The one they failed to recognize as XSS. If they paid for that one there would be no blog post and no name calling.

Clearly doesn't help his case, but it's not really material to whether they should pay out or not. Why didn't they disclose the one that most everyone here agrees was an obviously-qualified-for-payout vulnerability?

It looks like a "reap what you sow" situation. No one is looking good now.

Uber is the last company in the world that gets to complain that somebody isn't being nice to them.

This seems unnecessarily callous. The writer was incredibly insulting to a person in a public forum, but that's ok because "well they worked for Uber"?

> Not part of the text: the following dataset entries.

(* Fix integers $K,M\ge1$, $L\ge2$, $N_r\ge1$, and constants $T_{s,k}>0$, $E_{p,k}\ge0$, $E_k>0$, $T_c>0$, $X_k(m)>0$, $\mu_{\ell,m}\in\mathbb{R}$, $\sigma_m^2>0$, $\sigma_{s,k}^2\ge0$, $\sigma_r^2\ge0$, $N_0>0$, and $\mathbf h_{k,m}\in\mathbb{C}^{N_r}$. Consider the problem $\mathcal P_4$: maximize $\alpha$ over variables $\alpha\in\mathbb R$, $P_{s,k}>0$, $c_{k,m}\in\mathbb R$ ($c_{k,m}\ge 0$), $\mathbf f_m\in\mathbb C^{N_r}$ (viewed as a vector of real and imaginary parts), $u_{k,m}>0$, $v_{\ell,\ell',m}>0$, subject to $$P_{s,k}T_{s,k}+E_{p,k}+T_c\sum_{m=1}^M u_{k,m}X_k(m)-E_k\le0\quad(1\le k\le K),$$ $$\alpha-\sum_{m=1}^M v_{\ell,\ell',m}\le0\quad(1\le\ell\ne\ell'\le L),$$ $$\frac{c_{k,m}^2}{u_{k,m}}-R_{k,m}(\mathbf f_m)\le0\quad(\forall k,m),$$ $$Z_m(\{P_{s,k}\},\{c_{k,m}\},\mathbf f_m)-Q_{\ell,\ell',m}(\{c_{k,m}\},v_{\ell,\ell',m})\le0\quad(\forall \ell\ne\ell',m),$$ where $R_{k,m}(\mathbf f_m)=\mathbf h_{k,m}^H\mathbf f_m\mathbf f_m^H\mathbf h_{k,m}$, $$Z_m=\sigma_m^2\Big(\sum_{k=1}^K c_{k,m}\Big)^2+\sum_{k=1}^K c_{k,m}^2\Big(\sigma_{s,k}^2+\frac{\sigma_r^2}{P_{s,k}}\Big)+N_0\mathbf f_m^H\mathbf f_m,\qquad Q_{\ell,\ell',m}=\frac{(\mu_{\ell,m}-\mu_{\ell',m})^2}{v_{\ell,\ell',m}}\Big(\sum_{k=1}^K c_{k,m}\Big)^2.$$ Then $\mathcal P_4$ is a d.c. problem.
   Context: A d.c. (difference-of-convex) problem is an optimization problem whose objective function and all constraint functions can each be written as the difference of two convex functions on the (convex) domain of the variables. Here the domain is $P_{s,k}>0$, $u_{k,m}>0$, $v_{\ell,\ell',m}>0$, $c_{k,m}$ real, and $\mathbf f_m\in\mathbb C^{N_r}\cong\mathbb R^{2N_r}$. *)

(* Optimisation variables of problem P4, over an arbitrary
   real field R (the statement is purely algebraic). *)
From mathcomp Require Import all_boot all_order all_algebra.
Set Implicit Arguments. Unset Strict Implicit. Unset Printing Implicit Defensive.
Import Order.TTheory GRing.Theory Num.Theory.
Local Open Scope ring_scope.

(* A point of the variable space of P4:
   alpha, P_{s,k}, c_{k,m}, f_m = fre_m + i fim_m (real and imaginary parts),
   u_{k,m}, v_{l,l',m}. *)
Record var (R : realFieldType) (K M L N : nat) := Var {
  va  : R;
  vP  : 'I_K -> R;
  vc  : 'I_K -> 'I_M -> R;
  vfr : 'I_M -> 'I_N -> R;
  vfi : 'I_M -> 'I_N -> R;
  vu  : 'I_K -> 'I_M -> R;
  vv  : 'I_L -> 'I_L -> 'I_M -> R }.

Section DC.
Variables (R : realFieldType) (K M L N : nat).
Notation V := (var R K M L N).

Definition comb (t : R) (x y : V) : V :=
  Var (t * va x + (1 - t) * va y)
      (fun k => t * vP x k + (1 - t) * vP y k)
      (fun k m => t * vc x k m + (1 - t) * vc y k m)
      (fun m i => t * vfr x m i + (1 - t) * vfr y m i)
      (fun m i => t * vfi x m i + (1 - t) * vfi y m i)
      (fun k m => t * vu x k m + (1 - t) * vu y k m)
      (fun l l' m => t * vv x l l' m + (1 - t) * vv y l l' m).

Definition in_dom (x : V) : Prop :=
  [/\ forall k, 0 < vP x k,
      forall k m, 0 < vu x k m
    & forall l l' m, 0 < vv x l l' m].

Definition convex_on_dom (g : V -> R) : Prop :=
  forall (x y : V) (t : R), in_dom x -> in_dom y -> 0 <= t -> t <= 1 ->
    g (comb t x y) <= t * g x + (1 - t) * g y.

Definition is_dc (g : V -> R) : Prop :=
  exists g1 g2 : V -> R, [/\ convex_on_dom g1, convex_on_dom g2
    & forall x, in_dom x -> g x = g1 x - g2 x].

(* channel h_{k,m} = hr + i hi in C^N *)
Variables (hr hi : 'I_K -> 'I_M -> 'I_N -> R).

(* R_{k,m}(f_m) = h^H f f^H h = |h^H f|^2 ;
   h^H f = sum_i conj(h_i) f_i = sum (hr fr + hi fi) + i sum (hr fi - hi fr) *)
Definition Rkm (k : 'I_K) (m : 'I_M) (x : V) : R :=
  (\sum_i (hr k m i * vfr x m i + hi k m i * vfi x m i)) ^+ 2 +
  (\sum_i (hr k m i * vfi x m i - hi k m i * vfr x m i)) ^+ 2.

Variables (sigma2 : 'I_M -> R) (sigs2 : 'I_K -> R) (sigr2 N0 : R)
          (mu : 'I_L -> 'I_M -> R).

Definition Zm (m : 'I_M) (x : V) : R :=
  sigma2 m * (\sum_k vc x k m) ^+ 2
  + \sum_k vc x k m ^+ 2 * (sigs2 k + sigr2 / vP x k)
  + N0 * \sum_i (vfr x m i ^+ 2 + vfi x m i ^+ 2).

Definition Qllm (l l' : 'I_L) (m : 'I_M) (x : V) : R :=
  (mu l m - mu l' m) ^+ 2 / vv x l l' m * (\sum_k vc x k m) ^+ 2.

End DC.

From mathcomp Require Import all_boot all_order all_algebra.
Import Order.TTheory GRing.Theory Num.Theory.
From mathcomp Require Import ring lra.
Local Open Scope ring_scope.

Set Implicit Arguments.
Unset Strict Implicit.

(* Every constraint function of P4 is built from affine maps, squares of
   affine maps and quadratic-over-linear terms a^2/p with p affine and
   positive on the domain, all of which are convex there.  The terms entering
   with a minus sign, R_{k,m} (a sum of two squares of affine maps) and
   Q_{l,l',m} (a nonnegative multiple of (sum_k c_{k,m})^2 / v_{l,l',m}), are
   convex as well, so each constraint is a difference of convex functions. *)

Lemma sqr_div_convex (R : realFieldType) (t a b p q : R) :
  0 <= t -> t <= 1 -> 0 < p -> 0 < q ->
  (t * a + (1 - t) * b) ^+ 2 / (t * p + (1 - t) * q)
  <= t * (a ^+ 2 / p) + (1 - t) * (b ^+ 2 / q).
Proof.
move=> t_ge0 t_le1 p_gt0 q_gt0.
have den_gt0 : 0 < t * p + (1 - t) * q by nra.
rewrite ler_pdivrMr // -subr_ge0.
have -> : (t * (a ^+ 2 / p) + (1 - t) * (b ^+ 2 / q)) * (t * p + (1 - t) * q)
          - (t * a + (1 - t) * b) ^+ 2 = t * (1 - t) * (a * q - b * p) ^+ 2 / (p * q).
  by field; rewrite ?gt_eqF.
apply: divr_ge0; last by rewrite mulr_ge0 ?ltW.
by rewrite mulr_ge0 ?sqr_ge0 // mulr_ge0 // subr_ge0.
Qed.

Section Convexity.
Variables (R : realFieldType) (K M L N : nat).
Notation V := (var R K M L N).
Implicit Types (f g : V -> R).

Definition affine f := forall x y t, f (comb t x y) = t * f x + (1 - t) * f y.

Lemma affine_cst (c : R) : affine (fun _ => c).
Proof. by move=> x y t; ring. Qed.

Lemma affineD f g : affine f -> affine g -> affine (fun x => f x + g x).
Proof. by move=> hf hg x y t; rewrite hf hg; ring. Qed.

Lemma affineB f g : affine f -> affine g -> affine (fun x => f x - g x).
Proof. by move=> hf hg x y t; rewrite hf hg; ring. Qed.

Lemma affineMl (c : R) f : affine f -> affine (fun x => c * f x).
Proof. by move=> hf x y t; rewrite hf; ring. Qed.

Lemma affineMr (c : R) f : affine f -> affine (fun x => f x * c).
Proof. by move=> hf x y t; rewrite hf; ring. Qed.

Lemma affine_sum (I : finType) (F : I -> V -> R) :
  (forall i, affine (F i)) -> affine (fun x => \sum_i F i x).
Proof.
by move=> hF x y t; rewrite !mulr_sumr -big_split; apply: eq_bigr => i _; apply: hF.
Qed.

Lemma affine_convex f : affine f -> convex_on_dom f.
Proof. by move=> hf x y t _ _ _ _; rewrite hf. Qed.

Lemma eq_convex_on_dom f g : f =1 g -> convex_on_dom g -> convex_on_dom f.
Proof. by move=> efg hg x y t dx dy t0 t1; rewrite !efg; apply: hg. Qed.

Lemma convexD f g : convex_on_dom f -> convex_on_dom g ->
  convex_on_dom (fun x => f x + g x).
Proof.
move=> hf hg x y t dx dy t0 t1.
by have := hf x y t dx dy t0 t1; have := hg x y t dx dy t0 t1; lra.
Qed.

Lemma convexMl (c : R) f : 0 <= c -> convex_on_dom f ->
  convex_on_dom (fun x => c * f x).
Proof.
move=> c_ge0 hf x y t dx dy t0 t1.
have := ler_wpM2l c_ge0 (hf x y t dx dy t0 t1).
by rewrite mulrDr mulrCA [c * (_ * _)]mulrCA.
Qed.

Lemma convex_sum (I : finType) (F : I -> V -> R) :
  (forall i, convex_on_dom (F i)) -> convex_on_dom (fun x => \sum_i F i x).
Proof.
move=> hF x y t dx dy t0 t1; rewrite !mulr_sumr -big_split.
by apply: ler_sum => i _; apply: hF.
Qed.

Lemma convex_sqr_affine f : affine f -> convex_on_dom (fun x => f x ^+ 2).
Proof.
move=> hf x y t _ _ t0 t1; rewrite hf -subr_ge0.
have -> : t * f x ^+ 2 + (1 - t) * f y ^+ 2 - (t * f x + (1 - t) * f y) ^+ 2
          = t * (1 - t) * (f x - f y) ^+ 2 by ring.
by rewrite mulr_ge0 ?sqr_ge0 // mulr_ge0 // subr_ge0.
Qed.

Lemma convex_sqr_div_affine f p : affine f -> affine p ->
  (forall x, in_dom x -> 0 < p x) -> convex_on_dom (fun x => f x ^+ 2 / p x).
Proof.
move=> hf hp p_gt0 x y t dx dy t0 t1; rewrite hf hp.
exact: sqr_div_convex (p_gt0 x dx) (p_gt0 y dy).
Qed.

Lemma convex_dc f g : convex_on_dom f -> convex_on_dom g ->
  is_dc (fun x => f x - g x).
Proof. by move=> hf hg; exists f, g. Qed.

Lemma affine_dc f : affine f -> is_dc f.
Proof.
move=> hf; exists f, (fun _ => 0); split; last by move=> x _; rewrite subr0.
  exact: affine_convex.
exact/affine_convex/affine_cst.
Qed.

Lemma affine_sum_vc (m : 'I_M) : affine (fun x : V => \sum_k vc x k m).
Proof. exact: affine_sum. Qed.

Lemma convex_Rkm (hr hi : 'I_K -> 'I_M -> 'I_N -> R) k m :
  convex_on_dom (@Rkm R K M L N hr hi k m).
Proof.
by apply: convexD; apply/convex_sqr_affine/affine_sum => i;
  [apply: affineD | apply: affineB]; apply: affineMl.
Qed.

Lemma convex_Zm (sigma2 : 'I_M -> R) (sigs2 : 'I_K -> R) (sigr2 N0 : R) m :
  0 <= sigma2 m -> (forall k, 0 <= sigs2 k) -> 0 <= sigr2 -> 0 <= N0 ->
  convex_on_dom (@Zm R K M L N sigma2 sigs2 sigr2 N0 m).
Proof.
move=> sigma_ge0 sigs_ge0 sigr_ge0 N0_ge0.
apply: convexD; first apply: convexD.
- exact/convexMl/convex_sqr_affine/affine_sum_vc.
- apply: convex_sum => k.
  apply: (@eq_convex_on_dom _
    (fun x => sigs2 k * vc x k m ^+ 2 + sigr2 * (vc x k m ^+ 2 / vP x k))).
    by move=> x; ring.
  apply: convexD; apply: convexMl => //; first exact: convex_sqr_affine.
  by apply: convex_sqr_div_affine => // x [].
- by apply/convexMl/convex_sum => // i; apply: convexD; apply: convex_sqr_affine.
Qed.

Lemma convex_Qllm (mu : 'I_L -> 'I_M -> R) l l' m :
  convex_on_dom (@Qllm R K M L N mu l l' m).
Proof.
apply: (@eq_convex_on_dom _
  (fun x => (mu l m - mu l' m) ^+ 2 * ((\sum_k vc x k m) ^+ 2 / vv x l l' m))).
  by move=> x; rewrite /Qllm mulrAC -mulrA.
apply: convexMl; first exact: sqr_ge0.
by apply: convex_sqr_div_affine; [exact: affine_sum_vc | by [] | move=> x []].
Qed.

End Convexity.

Unset Implicit Arguments.

Theorem lemma3 (R : realFieldType) (K M L N : nat)
  (hK : (1 <= K)%N) (hM : (1 <= M)%N) (hL : (2 <= L)%N) (hN : (1 <= N)%N)
  (Ts Ep : 'I_K -> R) (E : 'I_K -> R) (Tc : R) (X : 'I_K -> 'I_M -> R)
  (mu : 'I_L -> 'I_M -> R) (sigma2 : 'I_M -> R) (sigs2 : 'I_K -> R)
  (sigr2 N0 : R) (hr hi : 'I_K -> 'I_M -> 'I_N -> R)
  (hTs : forall k, 0 < Ts k) (hEp : forall k, 0 <= Ep k) (hE : forall k, 0 < E k)
  (hTc : 0 < Tc) (hX : forall k m, 0 < X k m) (hsigma : forall m, 0 < sigma2 m)
  (hsigs : forall k, 0 <= sigs2 k) (hsigr : 0 <= sigr2) (hN0 : 0 < N0) :
  (* objective alpha *)
  is_dc (fun x : var R K M L N => va x)
  (* energy constraints *)
  /\ (forall k : 'I_K, is_dc (fun x : var R K M L N =>
        vP x k * Ts k + Ep k + Tc * (\sum_m vu x k m * X k m) - E k))
  (* alpha - sum_m v_{l,l',m} <= 0 *)
  /\ (forall l l' : 'I_L, l != l' -> is_dc (fun x : var R K M L N =>
        va x - \sum_m vv x l l' m))
  (* c^2/u - R_{k,m}(f_m) <= 0 *)
  /\ (forall (k : 'I_K) (m : 'I_M), is_dc (fun x : var R K M L N =>
        vc x k m ^+ 2 / vu x k m - Rkm hr hi k m x))
  (* Z_m - Q_{l,l',m} <= 0 *)
  /\ (forall (l l' : 'I_L) (m : 'I_M), l != l' -> is_dc (fun x : var R K M L N =>
        Zm sigma2 sigs2 sigr2 N0 m x - Qllm mu l l' m x))
  (* c_{k,m} >= 0, i.e. -c_{k,m} <= 0 *)
  /\ (forall (k : 'I_K) (m : 'I_M), is_dc (fun x : var R K M L N => - vc x k m)).
Proof.
split; first exact: affine_dc.
split.
  move=> k; apply/affine_dc/affineB/affine_cst.
  apply/affineD/affineMl/affine_sum => [|m]; last exact: affineMr.
  exact/affineD/affine_cst/affineMr.
split.
  by move=> l l' _; apply/affine_dc/affineB/affine_sum.
split.
  move=> k m; apply: convex_dc (convex_Rkm hr hi k m).
  by apply: convex_sqr_div_affine => // x [].
split.
  move=> l l' m _; apply: convex_dc (convex_Qllm mu l l' m).
  by apply: convex_Zm => //; [exact: ltW (hsigma m) | exact: ltW].
by move=> k m; apply: affine_dc => x y t /=; ring.
Qed.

I don't see this discussion as about whether a corporate PR team is allowed to issue a response. It's about the author childishly lashing out at an individual because he didn't agree with their decision.

I didn't say it's ok. I said Uber doesn't get to complain.

Indeed, my belief is that this guy's and Uber's behavior are both not-ok, which is exactly why Uber doesn't get to complain.

That's not how that works at all.

Irrelevant. If he found these bugs, even if he’s been a dick about it then he still found a bunch of vulnerabilities that Uber was exposed to. Pay the man, it’s a few thousand dollars as opposed to a major exploit!

But that's my point. Of course he deserved a payout if he reported a previously unknown vulnerability. What I'm saying is that he (appears to have) behaved in such toxic way (sow) that someone denied something he deserved (reap). All parties in this are squishy humans with emotions.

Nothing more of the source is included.